» **Exercise details**:
Transcribe the listing below word for word.

--- Supplied records Enclosed Below ---

Theorem lemma3p2 (R : realType) (d : measure_display) (Omega : measurableType d)
  (P : probability Omega R) (F : nat -> set (set Omega)) (T : nat)
  (sigma : Omega -> option nat) (G : nat -> Omega -> R)
  (p : nat -> Omega -> R) (ES ESV J Sp : nat -> Omega -> R)
  (V : nat -> Omega -> option R) :
  filtration F ->
  (forall A, F 0%N A -> A = set0 \/ A = setT) ->
  stopping_time F sigma ->
  P (Dset sigma 0) = 1%E ->
  (forall t (B : set R), (t <= T)%N -> measurable B ->
     F t (Dset sigma t `&` G t @^-1` B)) ->
  (\int[P]_w (\big[Num.max/0]_(t < T.+1) (`|G t w| * indic (Dset sigma t) w))%:E
     < +oo)%E ->
  (* p t : a version of P(D_{t+1} | F_t), defining T_e *)
  (forall t, (t < T)%N -> is_cexp P (F t) (indic (Dset sigma t.+1)) (p t)) ->
  (* ES t, ESV t : versions of E[S_{t+1} | F_t] and E[S_{t+1} V_{t+1} | F_t] *)
  (forall t, (t < T)%N -> is_cexp P (F t) (Sp t.+1) (ES t)) ->
  (forall t, (t < T)%N ->
     is_cexp P (F t) (fun w => mulD (Sp t.+1 w) (V t.+1 w)) (ESV t)) ->
  (* the backward recursion *)
  (forall t w, (t <= T)%N ->
     if (t < Te T p w)%N then
       J t w = ESV t w / ES t w /\
       (if geD (Gv G sigma t w) (Some (J t w))
        then V t w = Gv G sigma t w /\ Sp t w = 1
        else V t w = Some (J t w) /\ Sp t w = ES t w)
     else V t w = Gv G sigma t w /\ Sp t w = indic (Dset sigma t) w) ->
  let theta := fun t w => geD (Gv G sigma t w) (V t w) in
  [/\ admissible P F sigma T (Te T p) theta,
      (forall t, (t < T)%N ->
         (exists num : Omega -> R,
            is_cexp P (F t) (stopped_payoff G sigma T theta t) num) /\
         (forall num den : Omega -> R,
            is_cexp P (F t) (stopped_payoff G sigma T theta t) num ->
            is_cexp P (F t) (indic [set w | lhd (Lt T theta t w) (sigma w)]) den ->
            {ae P, forall w, (t < Te T p w)%N ->
                     J t w = num w / den w /\ ES t w = den w})) &
      (forall t, (t <= T)%N ->
         forall q : Omega -> R,
           is_cexp P (F t) (indic [set w | lhd (Lt T theta t w) (sigma w)]) q ->
           {ae P, forall w,
              [/\ Dset sigma t w -> ~~ theta t w -> Sp t w = q w,
                  Dset sigma t w -> theta t w -> Sp t w = 1 &
                  ~ Dset sigma t w -> Sp t w = 0]})].
Proof.
move=> hF _ hsigma _ hG hGmax hp hES hESV hrec theta.
split; [exact: (theta_admissible hF hsigma hG hGmax hp hES hESV hrec)
       |exact: (payoff_representation hF hsigma hG hGmax hp hES hESV hrec)
       |exact: (Sp_representation hF hsigma hG hGmax hp hES hESV hrec)].
Qed.
Theorem mainTheorem16 (a b : R) :
  in_Ztau a -> in_Ztau b -> 0 < a -> a < b -> b < 1 ->
  forall f : R -> R, in_Ftau' f -> is_Ftau_c a b f -> in_Ftau'_ab a b f.
Proof.
  intros Za Zb Ha Hab Hb f Hf [_ [eps [Heps Hsupp]]].
  destruct (tau_pow_lt (Rmin eps ((b - a) / 3))) as [n Hn]; [apply Rmin_pos; lra |].
  pose proof (Rmin_l eps ((b - a) / 3)). pose proof (Rmin_r eps ((b - a) / 3)).
  pose proof (pow_lt tau n tau_pos).
  assert (Zt : in_Ztau (tau ^ n)) by apply Ztau_pow, Ztau_tau.
  destruct (tau_conjugator_exists a b (a + tau ^ n) (b - tau ^ n)) as [psi [psinv [Hpsi Hid]]];
    auto using Ztau_add, Ztau_sub; try lra.
  rewrite <- (conjugate_supported psi psinv f (a + tau ^ n) (b - tau ^ n)
    (psinv_psi Hpsi) (psi_psinv Hpsi) Hid).
  - pose proof (conjugate_id a b psi psinv Hpsi) as Cid.
    pose proof (conjugate_comp a b psi psinv Hpsi) as Ccomp.
    apply (gen_image _ Cid Ccomp (is_commutator is_Ftau)); [| exact Hf].
    intros c Hc. apply (commutator_image _ Cid Ccomp is_Ftau); [| exact Hc].
    intros g gi Fg Fgi I. apply conjugate_Ftau_ab with gi; assumption.
  - apply (gen_injective _ f (commutator_injective is_Ftau) Hf).
  - intros x Hx. specialize (Hsupp x Hx). lra.
Qed.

--- End of Enclosed Supplied records ---

» **Your solution**:
Theorem lemma3p2 (R : realType) (d : measure_display) (Omega : measurableType d)
  (P : probability Omega R) (F : nat -> set (set Omega)) (T : nat)
  (sigma : Omega -> option nat) (G : nat -> Omega -> R)
  (p : nat -> Omega -> R) (ES ESV J Sp : nat -> Omega -> R)
  (V : nat -> Omega -> option R) :
  filtration F ->
  (forall A, F 0%N A -> A = set0 \/ A = setT) ->
  stopping_time F sigma ->
  P (Dset sigma 0) = 1%E ->
  (forall t (B : set R), (t <= T)%N -> measurable B ->
     F t (Dset sigma t `&` G t @^-1` B)) ->
  (\int[P]_w (\big[Num.max/0]_(t < T.+1) (`|G t w| * indic (Dset sigma t) w))%:E
     < +oo)%E ->
  (* p t : a version of P(D_{t+1} | F_t), defining T_e *)
  (forall t, (t < T)%N -> is_cexp P (F t) (indic (Dset sigma t.+1)) (p t)) ->
  (* ES t, ESV t : versions of E[S_{t+1} | F_t] and E[S_{t+1} V_{t+1} | F_t] *)
  (forall t, (t < T)%N -> is_cexp P (F t) (Sp t.+1) (ES t)) ->
  (forall t, (t < T)%N ->
     is_cexp P (F t) (fun w => mulD (Sp t.+1 w) (V t.+1 w)) (ESV t)) ->
  (* the backward recursion *)
  (forall t w, (t <= T)%N ->
     if (t < Te T p w)%N then
       J t w = ESV t w / ES t w /\
       (if geD (Gv G sigma t w) (Some (J t w))
        then V t w = Gv G sigma t w /\ Sp t w = 1
        else V t w = Some (J t w) /\ Sp t w = ES t w)
     else V t w = Gv G sigma t w /\ Sp t w = indic (Dset sigma t) w) ->
  let theta := fun t w => geD (Gv G sigma t w) (V t w) in
  [/\ admissible P F sigma T (Te T p) theta,
      (forall t, (t < T)%N ->
         (exists num : Omega -> R,
            is_cexp P (F t) (stopped_payoff G sigma T theta t) num) /\
         (forall num den : Omega -> R,
            is_cexp P (F t) (stopped_payoff G sigma T theta t) num ->
            is_cexp P (F t) (indic [set w | lhd (Lt T theta t w) (sigma w)]) den ->
            {ae P, forall w, (t < Te T p w)%N ->
                     J t w = num w / den w /\ ES t w = den w})) &
      (forall t, (t <= T)%N ->
         forall q : Omega -> R,
           is_cexp P (F t) (indic [set w | lhd (Lt T theta t w) (sigma w)]) q ->
           {ae P, forall w,
              [/\ Dset sigma t w -> ~~ theta t w -> Sp t w = q w,
                  Dset sigma t w -> theta t w -> Sp t w = 1 &
                  ~ Dset sigma t w -> Sp t w = 0]})].
Proof.
move=> hF _ hsigma _ hG hGmax hp hES hESV hrec theta.
split; [exact: (theta_admissible hF hsigma hG hGmax hp hES hESV hrec)
       |exact: (payoff_representation hF hsigma hG hGmax hp hES hESV hrec)
       |exact: (Sp_representation hF hsigma hG hGmax hp hES hESV hrec)].
Qed.
Theorem mainTheorem16 (a b : R) :
  in_Ztau a -> in_Ztau b -> 0 < a -> a < b -> b < 1 ->
  forall f : R -> R, in_Ftau' f -> is_Ftau_c a b f -> in_Ftau'_ab a b f.
Proof.
  intros Za Zb Ha Hab Hb f Hf [_ [eps [Heps Hsupp]]].
  destruct (tau_pow_lt (Rmin eps ((b - a) / 3))) as [n Hn]; [apply Rmin_pos; lra |].
  pose proof (Rmin_l eps ((b - a) / 3)). pose proof (Rmin_r eps ((b - a) / 3)).
  pose proof (pow_lt tau n tau_pos).
  assert (Zt : in_Ztau (tau ^ n)) by apply Ztau_pow, Ztau_tau.
  destruct (tau_conjugator_exists a b (a + tau ^ n) (b - tau ^ n)) as [psi [psinv [Hpsi Hid]]];
    auto using Ztau_add, Ztau_sub; try lra.
  rewrite <- (conjugate_supported psi psinv f (a + tau ^ n) (b - tau ^ n)
    (psinv_psi Hpsi) (psi_psinv Hpsi) Hid).
  - pose proof (conjugate_id a b psi psinv Hpsi) as Cid.
    pose proof (conjugate_comp a b psi psinv Hpsi) as Ccomp.
    apply (gen_image _ Cid Ccomp (is_commutator is_Ftau)); [| exact Hf].
    intros c Hc. apply (commutator_image _ Cid Ccomp is_Ftau); [| exact Hc].
    intros g gi Fg Fgi I. apply conjugate_Ftau_ab with gi; assumption.
  - apply (gen_injective _ f (commutator_injective is_Ftau) Hf).
  - intros x Hx. specialize (Hsupp x Hx). lra.
Qed.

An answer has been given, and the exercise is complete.